Writerly advice – article 3


Last week I started using a calendar to record how much I’d written each day. My critique partner, Christina, suggested this. She used it to reach the goal of finishing her manuscript.

I’ve never been very good at being organized or planning ahead. For most of my life, I’ve lived by the seat of my pants. That thought process is okay when you’re a teenager or in your twenties. But as I reached thirty, I realized I wasn’t doing what I really wanted to do with my life. Thus, I wished I’d done more planning when I was younger.

I do not use this calendar to plan what I’ll write the next day. I don’t want to set myself up for disappointment. Here’s how it works:

Use any calendar you want. I printed one off of Microsoft Outlook for June and July.

Look at the month ahead and cross off any days you know you won’t be able to write. For me, I’ve crossed off the days my husband is off of work. I’m sure you can get very detailed with this and use a calendar that has the time of day listed. You could organize your day in that manner and cross off the hours of the day you can’t write. For those of you who work, this may be a better option.

Let’s say you prepare your calendar today for the rest of the month. When tomorrow comes, if you write – and I know you will! – write how many chapters you completed, how many words you completed, or if you simply want to record how many hours or minutes you spent writing, that will show you how you used your time. Hopefully, you will look back at your calendar at the end of the week, like I have, and find you were able to find writing time even on the days you marked off. You’ll see scribbles in the boxes of the chapters you completed, or in my case, listing the completed steps of the Snowflake Method. Looking back at what you accomplished is a wonderful feeling.

Last week I started Randy Ingermanson‘s Snowflake method and today I am ready to begin step 6. I am certain that having recorded my accomplishments every day has helped me reach this 6th step out of 10.

I’ve also used the calendar to record the days I’ve blogged. As you can tell, I’ve blogged more this week than usual.

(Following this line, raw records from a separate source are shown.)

(* Consider the equatorial trapped waves propagating eastward over a constant underlying current $c_0$, given in Lagrangian labels $(q,r,s)$ (with $q\in\mathbb{R}$, $r\le r_0<0$, $r-f(s)\le r_0$) by \[ x=q-c_0t-\tfrac1k e^{k[r-f(s)]}\sin[k(q-ct)],\qquad y=s,\qquad z=r+\tfrac1k e^{k[r-f(s)]}\cos[k(q-ct)], \] where $f(s)=\frac{c\beta}{2\gamma}s^2$, $\gamma=2\Omega c_0+g>0$, and the wave speed satisfies the dispersion relation $c=\frac{\sqrt{\Omega^2+k(2\Omega c_0+g)}-\Omega}{k}$ with $c_0\neq c$. If the wave steepness at the equator satisfies \[ e^{kr_0}>\frac{3\Omega+\sqrt{\Omega^2+k(2\Omega c_0+g)}}{\Omega+3\sqrt{\Omega^2+k(2\Omega c_0+g)}} \] (the right-hand side being greater than $1/3$, and close to $1/3$ since $\Omega$ is small), then this flow is unstable to short-wavelength perturbations, i.e. there is a fluid particle trajectory with initial position $\mathbf{X}_0$ for which the exponent $\Lambda(\mathbf{X}_0)$ defined below is strictly positive.
   Context: Setting: $\beta$-plane approximation of geophysical flow near the equator, with $x$ pointing east, $y$ north, $z$ vertically up, constant density $\rho$, velocity $\mathbf{U}=(u,v,w)$, pressure $P$, Earth rotation speed $\Omega>0$, gravity $g>0$, $\beta=2\Omega/R$ ($R$ the Earth radius), wavenumber $k>0$, wave speed $c>0$, current strength $c_0$ (with $2\Omega c_0+g>0$). The governing equations are $u_t+uu_x+vu_y+wu_z+2\Omega w-\beta y v=-P_x/\rho$, $v_t+uv_x+vv_y+wv_z+\beta y u=-P_y/\rho$, $w_t+uw_x+vw_y+ww_z-2\Omega u=-P_z/\rho-g$, $\nabla\cdot\mathbf U=0$, with free-surface kinematic and constant-pressure boundary conditions and $(u,v)\to(-c_0,0)$ at great depth; the flow above (with $v\equiv0$) solves these with an appropriate pressure. The wave steepness at latitude $s$ is $e^{k(r-f(s))}$, maximal value $e^{kr_0}$ at the equator. Short-wavelength instability: for a perturbation $\varepsilon\,\mathbf b\,e^{i\Phi/\delta}$ with $\Phi(\mathbf X,0)=\mathbf X\cdot\xi_0$, $\mathbf b(\cdot,0)=\mathbf b_0$, $\xi_0\cdot\mathbf b_0=0$, the position $\mathbf X=(x,y,z)$, wave vector $\xi=\nabla\Phi$ and amplitude $\mathbf b$ evolve by $\dot{\mathbf X}=\mathbf U(\mathbf X,t)$, $\dot\xi=-(\nabla\mathbf U)^T\xi$, $\dot{\mathbf b}=-L\mathbf b-(\nabla\mathbf U)\mathbf b+\big([L\mathbf b+2(\nabla\mathbf U)\mathbf b]\cdot\xi\big)\xi/|\xi|^2$, with $\mathbf X(0)=\mathbf X_0$, $\xi(0)=\xi_0$, $\mathbf b(0)=\mathbf b_0$, where $\nabla\mathbf U$ is the matrix with rows $(u_x,v_x,w_x)$, $(u_y,v_y,w_y)$, $(u_z,v_z,w_z)$ and $L=\begin{pmatrix}0&-\beta y&2\Omega\\ \beta y&0&0\\ -2\Omega&0&0\end{pmatrix}$. The instability exponent is $\Lambda(\mathbf X_0)=\limsup_{t\to\infty}\frac1t\ln\Big(\sup_{|\xi_0|=|\mathbf b_0|=1,\ \xi_0\cdot\mathbf b_0=0}|\mathbf b(t)|\Big)$, and the flow is called unstable (to short-wavelength perturbations) if $\Lambda(\mathbf X_0)>0$ for some trajectory. *)

From Stdlib Require Import Reals ClassicalEpsilon.
From Coquelicot Require Import Coquelicot.
Open Scope R_scope.

Definition V3 : Type := (R * R * R)%type.
Definition v1 (a : V3) : R := fst (fst a).
Definition v2 (a : V3) : R := snd (fst a).
Definition v3 (a : V3) : R := snd a.
Definition mk3 (a b c : R) : V3 := (a, b, c).
Definition dot3 (a b : V3) : R := v1 a * v1 b + v2 a * v2 b + v3 a * v3 b.
Definition norm3 (a : V3) : R := sqrt (dot3 a a).
Definition add3 (a b : V3) : V3 := mk3 (v1 a + v1 b) (v2 a + v2 b) (v3 a + v3 b).
Definition scal3 (l : R) (a : V3) : V3 := mk3 (l * v1 a) (l * v2 a) (l * v3 a).
Definition opp3 (a : V3) : V3 := scal3 (-1) a.
Definition comp3 (i : nat) (a : V3) : R :=
  match i with 0%nat => v1 a | 1%nat => v2 a | _ => v3 a end.
Definition e3 (j : nat) : V3 :=
  match j with 0%nat => mk3 1 0 0 | 1%nat => mk3 0 1 0 | _ => mk3 0 0 1 end.

Definition M3 : Type := nat -> nat -> R.
Definition mulMV (M : M3) (a : V3) : V3 :=
  mk3 (M 0%nat 0%nat * v1 a + M 0%nat 1%nat * v2 a + M 0%nat 2%nat * v3 a)
      (M 1%nat 0%nat * v1 a + M 1%nat 1%nat * v2 a + M 1%nat 2%nat * v3 a)
      (M 2%nat 0%nat * v1 a + M 2%nat 1%nat * v2 a + M 2%nat 2%nat * v3 a).
Definition transp (M : M3) : M3 := fun i j => M j i.

(* Physical parameters: Om = Omega, g, Re = Earth radius, k, c0. *)
Definition beta (Om Re : R) : R := 2 * Om / Re.
Definition gamma (Om g c0 : R) : R := 2 * Om * c0 + g.
Definition wave_speed (Om g k c0 : R) : R :=
  (sqrt (Om ^ 2 + k * (2 * Om * c0 + g)) - Om) / k.
Definition fshape (Om g Re k c0 : R) (s : R) : R :=
  wave_speed Om g k c0 * beta Om Re / (2 * gamma Om g c0) * s ^ 2.

Definition label_ok (Om g Re k c0 r0 : R) (L : V3) : Prop :=
  v2 L <= r0 /\ v2 L - fshape Om g Re k c0 (v3 L) <= r0.

Definition lagr (Om g Re k c0 : R) (L : V3) (t : R) : V3 :=
  let q := v1 L in let r := v2 L in let s := v3 L in
  let c := wave_speed Om g k c0 in
  let ee := exp (k * (r - fshape Om g Re k c0 s)) in
  mk3 (q - c0 * t - / k * ee * sin (k * (q - c * t)))
      s
      (r + / k * ee * cos (k * (q - c * t))).

Definition lagr_vel (Om g Re k c0 : R) (L : V3) (t : R) : V3 :=
  mk3 (Derive (fun tau => v1 (lagr Om g Re k c0 L tau)) t)
      (Derive (fun tau => v2 (lagr Om g Re k c0 L tau)) t)
      (Derive (fun tau => v3 (lagr Om g Re k c0 L tau)) t).

Definition in_fluid (Om g Re k c0 r0 : R) (t : R) (X : V3) : Prop :=
  exists L, label_ok Om g Re k c0 r0 L /\ lagr Om g Re k c0 L t = X.

Lemma V3_inhabited : inhabited V3.
Proof. exact (inhabits (mk3 0 0 0)). Qed.

(* Eulerian velocity field U(X, t): velocity of the particle at X at time t
   (the Lagrangian map is one-to-one, so the label is unique; outside the
   fluid domain the value is irrelevant). *)
Definition U (Om g Re k c0 r0 : R) (X : V3) (t : R) : V3 :=
  lagr_vel Om g Re k c0
    (epsilon V3_inhabited
       (fun L => label_ok Om g Re k c0 r0 L /\ lagr Om g Re k c0 L t = X)) t.

Definition gradU (Om g Re k c0 r0 : R) (X : V3) (t : R) : M3 :=
  fun i j => Derive (fun h => comp3 i (U Om g Re k c0 r0 (add3 X (scal3 h (e3 j))) t)) 0.

Definition Lmat (Om Re y : R) : M3 :=
  fun i j =>
    match i, j with
    | 0%nat, 1%nat => - (beta Om Re * y)
    | 0%nat, 2%nat => 2 * Om
    | 1%nat, 0%nat => beta Om Re * y
    | 2%nat, 0%nat => - (2 * Om)
    | _, _ => 0
    end.

Definition has_deriv3 (F : R -> V3) (t : R) (v : V3) : Prop :=
  is_derive (fun tau => v1 (F tau)) t (v1 v) /\
  is_derive (fun tau => v2 (F tau)) t (v2 v) /\
  is_derive (fun tau => v3 (F tau)) t (v3 v).

Definition wkb_solution (Om g Re k c0 r0 : R) (X0 xi0 b0 : V3)
    (X xi b : R -> V3) : Prop :=
  X 0 = X0 /\ xi 0 = xi0 /\ b 0 = b0 /\
  forall t, 0 <= t ->
    let G := gradU Om g Re k c0 r0 (X t) t in
    let Lm := Lmat Om Re (v2 (X t)) in
    has_deriv3 X t (U Om g Re k c0 r0 (X t) t) /\
    has_deriv3 xi t (opp3 (mulMV (transp G) (xi t))) /\
    has_deriv3 b t
      (add3 (opp3 (add3 (mulMV Lm (b t)) (mulMV G (b t))))
            (scal3 (dot3 (add3 (mulMV Lm (b t)) (scal3 2 (mulMV G (b t)))) (xi t)
                    / (norm3 (xi t)) ^ 2) (xi t))).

The word count you see on my word meter for Book One – Social Circle Chronicles is what I have for the Snowflake. I figured I’m writing the skeleton of the story, so I’m going to let it count toward a word count. I’ll update with the actual word count when I’m finally completing the chapters.

I hope today’s advice will give you a good idea of something to do if you are struggling with finding time to write as I have. Remember, don’t write down what you plan to do tomorrow. You’ll be disappointed if you don’t get to do it! Instead, write first and then record it. The following day, you’ll look forward to writing even more so you’ll have more to record on your calendar!

3 thoughts on “Writerly advice – article 3

  1. Great advice Christy. I’m also learning to plan more. Yikes! What’s in the air in Georgia?I thought about recording time spent. Sounds like a good idea.